If such medicines were found in the same stores for a second time, their permits be scrapped and owners sent to jail for two years, he suggested.

“You may recognise expired medicine, but it is difficult identifying low-quality drugs,” said Zulekha, a resident of the Dasht-i-Barchi locality.

“I bought antibiotic for my patient from a store. When I took them to a physician, he told me they were substandard and advised me to purchase the same from another pharmacist,” the 22-year-old added.

Dr. Ikram Arzo, an ear, nose and throat (ENT) specialist and lecturer at the Kabul Medical University, said low-quality medicine caused disorders and other problems.  It also makes it hard for doctors to diagnose pathogens.

According to the ministry, a survey conducted by the Johns Hopkins University of the United States shows about 94 percent of the medicine used in Afghanistan is of low-quality.

But Arzo, acknowledging that substandard medicines were being imported to the country due to lack of border controls, rejected the survey’s findings as inaccurate. Since such drugs claim the lives of people, the dealers be treated according to the Islamic law and given harsh punishments, he said.

Pediatrician Abdullah, an advisor to the Japan International Cooperation Agency (JICA), said drug stores, pharmacies and importers should be closely monitored.

Acting Public Health Minister Dr.

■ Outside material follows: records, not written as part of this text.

(* Everything rests on the projection theorem: a minimizing sequence for the distance
   from v to a subspace S is Cauchy by the parallelogram law, and its limit m satisfies
   v - m ⊥ closure S.  Completeness: f minus its projection onto the closed span of the
   psi_i is orthogonal to every psi_i, so its frame coefficients vanish and the lower
   frame bound forces it to be 0.  Minimality: projecting psi_j onto the closed span of
   the other psi_i leaves a nonzero residual, which, normalized, yields a biorthogonal
   family h_j.  Riesz-Fischer: for finitely supported c, f = Σ c_j h_j has frame
   coefficients exactly c, so A ‖f‖² <= ‖c‖², while Re <Σ c_i psi_i, f> = ‖c‖²; then
   0 <= ‖Σ c_i psi_i - A f‖² <= ‖Σ c_i psi_i‖² - A ‖c‖². *)

From Stdlib Require Import Reals List Lra Psatz Classical ClassicalEpsilon.
From Coquelicot Require Import Coquelicot.
Open Scope R_scope.

Lemma minus_eq_zero_inv {G : AbelianGroup} (x y : G) : minus x y = zero -> x = y.
Proof. intros E. apply (plus_reg_r (opp y)). rewrite plus_opp_r. exact E. Qed.

Lemma minus_plus_cancel {G : AbelianGroup} (x y : G) : plus (minus x y) y = x.
Proof. unfold minus. rewrite <- plus_assoc, plus_opp_l. apply plus_zero_r. Qed.

Section NormedModule.
Context {K : AbsRing} {V : NormedModule K}.

Definition subspace (S : V -> Prop) : Prop :=
  S zero /\ (forall x y, S x -> S y -> S (plus x y)) /\ (forall (a : K) x, S x -> S (scal a x)).

(* [in_closed_span P psi] unfolds to [closure_of (in_span P psi)]. *)
Definition closure_of (S : V -> Prop) (x : V) : Prop :=
  forall eps, 0 < eps -> exists w, S w /\ norm (minus x w) < eps.

Lemma norm_minus_sym (x y : V) : norm (minus x y) = norm (minus y x).
Proof. rewrite <- opp_minus, norm_opp. reflexivity. Qed.

Lemma norm_minus_triangle (x y z : V) : norm (minus x z) <= norm (minus x y) + norm (minus y z).
Proof. rewrite (minus_trans y). apply norm_triangle. Qed.

Lemma norm_minus_self (x : V) : norm (minus x x) = 0.
Proof. rewrite minus_eq_zero. apply norm_zero. Qed.

Lemma subset_closure (S : V -> Prop) x : S x -> closure_of S x.
Proof. intros Sx eps He. exists x. rewrite norm_minus_self. auto. Qed.

Lemma closure_dist_ge (S : V -> Prop) v z d :
  (forall w, S w -> d <= norm (minus v w)) -> closure_of S z -> d <= norm (minus v z).
Proof.
  intros Hd Cz. apply Rle_plus_epsilon. intros e He.
  destruct (Cz e He) as [w [Sw Nw]].
  pose proof (Hd w Sw). pose proof (norm_minus_triangle v z w). lra.
Qed.

Lemma closure_add_scal (S : V -> Prop) m u (t : K) :
  subspace S -> closure_of S m -> closure_of S u -> closure_of S (plus m (scal t u)).
Proof.
  intros [_ [Splus Sscal]] Cm Cu eps He.
  pose proof (abs_ge_0 t) as Ht.
  destruct (Cm (eps / 2)) as [w1 [S1 N1]]; [lra|].
  destruct (Cu (eps / 2 / (abs t + 1))) as [w2 [S2 N2]].
  { apply Rdiv_lt_0_compat; lra. }
  exists (plus w1 (scal t w2)). split; [auto|].
  replace (minus (plus m (scal t u)) (plus w1 (scal t w2)))
    with (plus (minus m w1) (scal t (minus u w2))).
  2:{ unfold minus. rewrite @scal_distr_l, @scal_opp_r, @opp_plus, <- !@plus_assoc.
      f_equal. rewrite !plus_assoc. f_equal. apply plus_comm. }
  eapply Rle_lt_trans; [apply norm_triangle|].
  eapply Rle_lt_trans; [apply Rplus_le_compat_l, norm_scal|].
  assert (abs t * norm (minus u w2) <= abs t * (eps / 2 / (abs t + 1)))
    by (apply Rmult_le_compat_l; lra).
  assert (abs t * (eps / 2 / (abs t + 1)) < eps / 2).
  { assert (E : eps / 2 / (abs t + 1) * (abs t + 1) = eps / 2) by (field; lra).
    assert (0 < eps / 2 / (abs t + 1)) by (apply Rdiv_lt_0_compat; lra). nra. }
  lra.
Qed.

End NormedModule.

Lemma cauchy_seq_has_limit {K : AbsRing} {V : CompleteNormedModule K} (u : nat -> V) :
  (forall eps, 0 < eps -> exists N, forall n k, (N <= n)%nat -> (N <= k)%nat ->
     norm (minus (u k) (u n)) < eps) ->
  exists m : V, forall eps, 0 < eps ->
    exists N, forall n, (N <= n)%nat -> norm (minus (u n) m) < eps.
Proof.
  intros Cu.
  destruct (proj1 (filterlim_locally_cauchy (F := eventually) u)) as [m Hm].
  { intros eps. destruct (Cu eps (cond_pos eps)) as [N HN].
    exists (fun n => (N <= n)%nat). split; [now exists N|].
    intros n k Hn Hk. exact (norm_compat1 (V := V) _ _ _ (HN n k Hn Hk)). }
  exists m. intros eps He.
  exact (proj1 (filterlim_locally_ball_norm u m) Hm (mkposreal eps He)).
Qed.

Lemma inv_succ_lt (e : R) : 0 < e -> exists N, / (INR N + 1) < e.
Proof.
  intros He. destruct (INR_archimed e 1 He) as [N HN]. exists N.
  pose proof (pos_INR N).
  apply (Rmult_lt_reg_r (INR N + 1)); [lra|]. rewrite Rinv_l; nra.
Qed.

Lemma inv_succ_le (N n : nat) : (N <= n)%nat -> / (INR n + 1) <= / (INR N + 1).
Proof. intros Hn. apply le_INR in Hn. pose proof (pos_INR N). apply Rinv_le_contravar; lra. Qed.

Lemma exists_inf_nonneg {T : Type} (S : T -> Prop) (f : T -> R) (t0 : T) :
  S t0 -> (forall t, 0 <= f t) ->
  exists d, 0 <= d /\ (forall t, S t -> d <= f t) /\
    forall e, 0 < e -> exists t, S t /\ f t < d + e.
Proof.
  intros St0 Hf.
  set (E := fun r => exists t, S t /\ r = - f t).
  assert (bE : bound E).
  { exists 0. intros r [t [_ ->]]. specialize (Hf t). lra. }
  destruct (completeness E bE (ex_intro _ (- f t0) (ex_intro _ t0 (conj St0 eq_refl))))
    as [m [m_ub m_lub]].
  exists (- m). split; [|split].
  - enough (m <= 0) by lra. apply m_lub. intros r [t [_ ->]]. specialize (Hf t). lra.
  - intros t St. enough (- f t <= m) by lra. apply m_ub. now exists t.
  - intros e He. apply not_all_not_ex. intros Hnone.
    enough (m <= m - e) by lra. apply m_lub. intros r [t [St ->]].
    specialize (Hnone t). apply not_and_or in Hnone. destruct Hnone; [contradiction|lra].
Qed.

Section InnerProduct.
Context {H : HilbertSpace}.
Implicit Types x y z : H.

Lemma inner_plus_l x y z : inner H (plus x y) z = (inner H x z + inner H y z)%C.
Proof. apply ip_addl. Qed.
Lemma inner_scal_l (a : C) x z : inner H (scal a x) z = (a * inner H x z)%C.
Proof. apply ip_scall. Qed.
Lemma inner_conj x y : inner H y x = Cconj (inner H x y).
Proof. apply ip_conj. Qed.
Lemma inner_self x : inner H x x = RtoC (norm x ^ 2).
Proof. apply ip_norm. Qed.

Lemma inner_plus_r x y z : inner H z (plus x y) = (inner H z x + inner H z y)%C.
Proof. rewrite inner_conj, inner_plus_l, Cplus_conj, <- !inner_conj. reflexivity. Qed.
Lemma inner_scal_r (a : C) x z : inner H z (scal a x) = (Cconj a * inner H z x)%C.
Proof. rewrite inner_conj, inner_scal_l, Cmult_conj, <- inner_conj. reflexivity. Qed.
Lemma inner_opp_l x z : inner H (opp x) z = (- inner H x z)%C.
Proof.
  rewrite <- (scal_opp_one x : scal (opp one) x = opp x), inner_scal_l.
  apply injective_projections; simpl; ring.
Qed.
Lemma inner_minus_l x y z : inner H (minus x y) z = (inner H x z - inner H y z)%C.
Proof. unfold minus. rewrite inner_plus_l, inner_opp_l. ring. Qed.
Lemma inner_minus_r x y z : inner H z (minus x y) = (inner H z x - inner H z y)%C.
Proof. rewrite inner_conj, inner_minus_l, Cminus_conj, <- !inner_conj. reflexivity. Qed.
Lemma inner_zero_l z : inner H zero z = 0%C.
Proof.
  assert (E := inner_plus_l zero zero z). rewrite plus_zero_l in E.
  transitivity (inner H zero z + inner H zero z - inner H zero z)%C; [|rewrite <- E]; ring.
Qed.
Lemma inner_zero_r z : inner H z zero = 0%C.
Proof. rewrite inner_conj, inner_zero_l. apply injective_projections; simpl; ring. Qed.

Lemma norm_sqr_re x : norm x ^ 2 = Re (inner H x x).
Proof. rewrite inner_self. reflexivity. Qed.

Suraya Dalil said the ministry had fined and closed some stores and companies since March 22, 2011. Their work permits were also withdrawn.

Inadequate checks at borders let opportunists smuggle spurious medicine into the country, she said, adding the ministry’s monitoring teams were controlling pharmacies and drug companies.

But Dr Syed Mohammad Ibrahim Kamil, head of the Department of Health Law and Evaluation, said under the relevant rule, a pharmacy or pharmaceutical selling poor-quality or expired medicine be warned for the first time.

 The stores be shut down for 15 days if they violate the law a second time; their shops be closed for six months in addition to cash fine if they are caught doing it for a third time. A fourth violation should entail cancellation of their work permits and import licences, he posited.

A committee of professionals had been working over the past two weeks on the medicine law, proposing severe punishments for violators, Kamil revealed.

The committee has been asked to frame regulations, containing advice, cash fine and business closure for sellers of poor-quality and expired medicine for a first time. Their stores will be sealed for six months in case of a second violation.

Business licences and work permits of the companies and stores will be revoked and they will be referred to the prosecutor’s office in the third step, he concluded.

The interior ministry has been cooperating with the public health ministry in preventing the import of spurious drugs, according to Ghulam Seddiq Siddiqui, a spokesman for the ministry.

He referred to the seizure of 14 truckloads of expired and low-quality medicine by police in Kabul three months ago. The people involved were referred to judicial institutions.

According to the public health ministry, there are 100 medicine-importing companies, 11 pharmaceuticals and 12,500 pharmacies across the country.